-------- Exercise materials

Lemma subst_sep_cat j P Q v : nseps P = j.-1 -> 1 <= j ->
  subst_sep j (P ++ None :: Q) v = P ++ v ++ Q.
Proof. by move=> E J; rewrite /subst_sep cut_sep_cat. Qed.

Lemma nseps_subst_sep j w v : 1 <= j <= nseps w ->
  nseps (subst_sep j w v) = (nseps w).-1 + nseps v.
Proof.
move=> H; have [E1 E2] := cut_sepP H; rewrite /subst_sep.
case: (cut_sep j w) E1 E2 => P Q /= E1 E2.
by rewrite E1 !nseps_cat /= add1n; lia.
Qed.

Lemma nsyms_subst_sep j w v : 1 <= j <= nseps w ->
  nsyms (subst_sep j w v) = nsyms w + nsyms v.
Proof.
move=> H; have [E1 E2] := cut_sepP H; rewrite /subst_sep.
case: (cut_sep j w) E1 E2 => P Q /= E1 E2.
by rewrite E1 !nsyms_cat /= add0n; lia.
Qed.

Lemma enc_comps_take_drop l cs : 1 <= l < size cs ->
  enc_comps cs = enc_comps (take l cs) ++ None :: enc_comps (drop l cs).
Proof.
elim: cs l => [|c [|c' cs] IH] [|[|l]] //= H; first by rewrite cats0.
have {}IH := IH l.+1 H; rewrite /= in IH.
by rewrite !enc_seps_cons [enc_comps (c' :: cs)]/= IH -[RHS]catA.
Qed.

Lemma enc_todot j x y : 1 <= j <= trank x ->
  enc (todot j x y) = subst_sep j (enc x) (enc y).
Proof.
move=> /andP [j1 jx].
have Hj : 1 <= j < size (comps x) by rewrite j1 ltnS.
rewrite /todot !enc_tcat !enc_mk_tup {2}/enc (enc_comps_take_drop Hj).
rewrite subst_sep_cat ?catA // nseps_enc_comps size_take.
by rewrite ltnS jx.
Qed.

Lemma trank_todot j x y : 1 <= j <= trank x ->
  trank (todot j x y) = (trank x).-1 + trank y.
Proof. by move=> H; rewrite !trankE enc_todot // nseps_subst_sep // -trankE. Qed.
Lemma tlen_todot j x y : 1 <= j <= trank x ->
  tlen (todot j x y) = tlen x + tlen y.
Proof. by move=> H; rewrite !tlenE enc_todot // nsyms_subst_sep // -trankE. Qed.

Lemma trank_dec w : trank (dec w) = nseps w.
Proof. by rewrite trankE decK. Qed.
Lemma tlen_dec w : tlen (dec w) = nsyms w.
Proof. by rewrite tlenE decK. Qed.

Definition eps (r : nat) : tup := ([::], nseq r [::]).

Lemma trank_eps r : trank (eps r) = r.
Proof. exact: size_nseq. Qed.

Lemma tlen0_eps x : tlen x = 0 -> x = eps (trank x).
Proof.
case: x => [c cs]; rewrite /tlen /comps /= /eps /trank /=.
move/eqP; rewrite addn_eq0 size_eq0 => /andP [/eqP -> H]; congr (_, _).
elim: cs H => //= d ds IH; rewrite addn_eq0 size_eq0 => /andP [/eqP -> H].
by rewrite {1}(IH H).
Qed.

End Encoding.

Section Valuation.
Variables (Sigma : finType) (N : Type).
Notation tup := (tup Sigma).
Notation term := (term Sigma N).
Implicit Types (t a b beta gamma : term) (v w : N -> tup).

Fixpoint tval v t : tup :=
  match t with
  | TTup u => u
  | TNt A => v A
  | TCat a b => tcat (tval v a) (tval v b)
  | TOdot j a b => todot j (tval v a) (tval v b)
  end.

Fixpoint occurs (B : N) t : Prop :=
  match t with
  | TTup _ => False
  | TNt A => A = B
  | TCat a b | TOdot _ a b => occurs B a \/ occurs B b
  end.

Lemma tval_ground v t : nnt t = 0 -> tval v t = nu t.
Proof.
elim: t => //= [a IHa b IHb|j a IHa b IHb] /eqP;
  by rewrite addn_eq0 => /andP [/eqP Ea /eqP Eb]; rewrite IHa // IHb.
Qed.

Lemma occurs_nnt B t : occurs B t -> 0 < nnt t.
Proof.
by elim: t => //= [a IHa b IHb|j a IHa b IHb] [/IHa|/IHb]; rewrite addn_gt0 => ->;
  rewrite ?orbT.
Qed.

Lemma nnt_occurs t : 0 < nnt t -> exists B, occurs B t.
Proof.
elim: t => //= [A _|a IHa b IHb|j a IHa b IHb]; first by exists A.
all: rewrite addn_gt0 => /orP [/IHa [B HB]|/IHb [B HB]]; exists B; tauto.
Qed.

Lemma occurs_uniq B C t : nnt t = 1 -> occurs B t -> occurs C t -> B = C.
Proof.
elim: t => //= [A _ <- <- //|a IHa b IHb|j a IHa b IHb] E [H|H] [H'|H'];
  have h1 := occurs_nnt H; have h2 := occurs_nnt H';
  try (apply: IHa => //; lia); try (apply: IHb => //; lia); lia.
Qed.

----------------

▶ **About this task**: While keeping every line the same, please copy out all the records.

▶ **Result for this exercise**:
Lemma subst_sep_cat j P Q v : nseps P = j.-1 -> 1 <= j ->
  subst_sep j (P ++ None :: Q) v = P ++ v ++ Q.
Proof. by move=> E J; rewrite /subst_sep cut_sep_cat. Qed.

Lemma nseps_subst_sep j w v : 1 <= j <= nseps w ->
  nseps (subst_sep j w v) = (nseps w).-1 + nseps v.
Proof.
move=> H; have [E1 E2] := cut_sepP H; rewrite /subst_sep.
case: (cut_sep j w) E1 E2 => P Q /= E1 E2.
by rewrite E1 !nseps_cat /= add1n; lia.
Qed.

Lemma nsyms_subst_sep j w v : 1 <= j <= nseps w ->
  nsyms (subst_sep j w v) = nsyms w + nsyms v.
Proof.
move=> H; have [E1 E2] := cut_sepP H; rewrite /subst_sep.
case: (cut_sep j w) E1 E2 => P Q /= E1 E2.
by rewrite E1 !nsyms_cat /= add0n; lia.
Qed.

Lemma enc_comps_take_drop l cs : 1 <= l < size cs ->
  enc_comps cs = enc_comps (take l cs) ++ None :: enc_comps (drop l cs).
Proof.
elim: cs l => [|c [|c' cs] IH] [|[|l]] //= H; first by rewrite cats0.
have {}IH := IH l.+1 H; rewrite /= in IH.
by rewrite !enc_seps_cons [enc_comps (c' :: cs)]/= IH -[RHS]catA.
Qed.

Lemma enc_todot j x y : 1 <= j <= trank x ->
  enc (todot j x y) = subst_sep j (enc x) (enc y).
Proof.
move=> /andP [j1 jx].
have Hj : 1 <= j < size (comps x) by rewrite j1 ltnS.
rewrite /todot !enc_tcat !enc_mk_tup {2}/enc (enc_comps_take_drop Hj).
rewrite subst_sep_cat ?catA // nseps_enc_comps size_take.
by rewrite ltnS jx.
Qed.

Lemma trank_todot j x y : 1 <= j <= trank x ->
  trank (todot j x y) = (trank x).-1 + trank y.
Proof. by move=> H; rewrite !trankE enc_todot // nseps_subst_sep // -trankE. Qed.
Lemma tlen_todot j x y : 1 <= j <= trank x ->
  tlen (todot j x y) = tlen x + tlen y.
Proof. by move=> H; rewrite !tlenE enc_todot // nsyms_subst_sep // -trankE. Qed.

Lemma trank_dec w : trank (dec w) = nseps w.
Proof. by rewrite trankE decK. Qed.
Lemma tlen_dec w : tlen (dec w) = nsyms w.
Proof. by rewrite tlenE decK. Qed.

Definition eps (r : nat) : tup := ([::], nseq r [::]).

Lemma trank_eps r : trank (eps r) = r.
Proof. exact: size_nseq. Qed.

Lemma tlen0_eps x : tlen x = 0 -> x = eps (trank x).
Proof.
case: x => [c cs]; rewrite /tlen /comps /= /eps /trank /=.
move/eqP; rewrite addn_eq0 size_eq0 => /andP [/eqP -> H]; congr (_, _).
elim: cs H => //= d ds IH; rewrite addn_eq0 size_eq0 => /andP [/eqP -> H].
by rewrite {1}(IH H).
Qed.

End Encoding.

Section Valuation.
Variables (Sigma : finType) (N : Type).
Notation tup := (tup Sigma).
Notation term := (term Sigma N).
Implicit Types (t a b beta gamma : term) (v w : N -> tup).

Fixpoint tval v t : tup :=
  match t with
  | TTup u => u
  | TNt A => v A
  | TCat a b => tcat (tval v a) (tval v b)
  | TOdot j a b => todot j (tval v a) (tval v b)
  end.

Fixpoint occurs (B : N) t : Prop :=
  match t with
  | TTup _ => False
  | TNt A => A = B
  | TCat a b | TOdot _ a b => occurs B a \/ occurs B b
  end.

Lemma tval_ground v t : nnt t = 0 -> tval v t = nu t.
Proof.
elim: t => //= [a IHa b IHb|j a IHa b IHb] /eqP;
  by rewrite addn_eq0 => /andP [/eqP Ea /eqP Eb]; rewrite IHa // IHb.
Qed.

Lemma occurs_nnt B t : occurs B t -> 0 < nnt t.
Proof.
by elim: t => //= [a IHa b IHb|j a IHa b IHb] [/IHa|/IHb]; rewrite addn_gt0 => ->;
  rewrite ?orbT.
Qed.

Lemma nnt_occurs t : 0 < nnt t -> exists B, occurs B t.
Proof.
elim: t => //= [A _|a IHa b IHb|j a IHa b IHb]; first by exists A.
all: rewrite addn_gt0 => /orP [/IHa [B HB]|/IHb [B HB]]; exists B; tauto.
Qed.

Lemma occurs_uniq B C t : nnt t = 1 -> occurs B t -> occurs C t -> B = C.
Proof.
elim: t => //= [A _ <- <- //|a IHa b IHb|j a IHa b IHb] E [H|H] [H'|H'];
  have h1 := occurs_nnt H; have h2 := occurs_nnt H';
  try (apply: IHa => //; lia); try (apply: IHb => //; lia); lia.
Qed.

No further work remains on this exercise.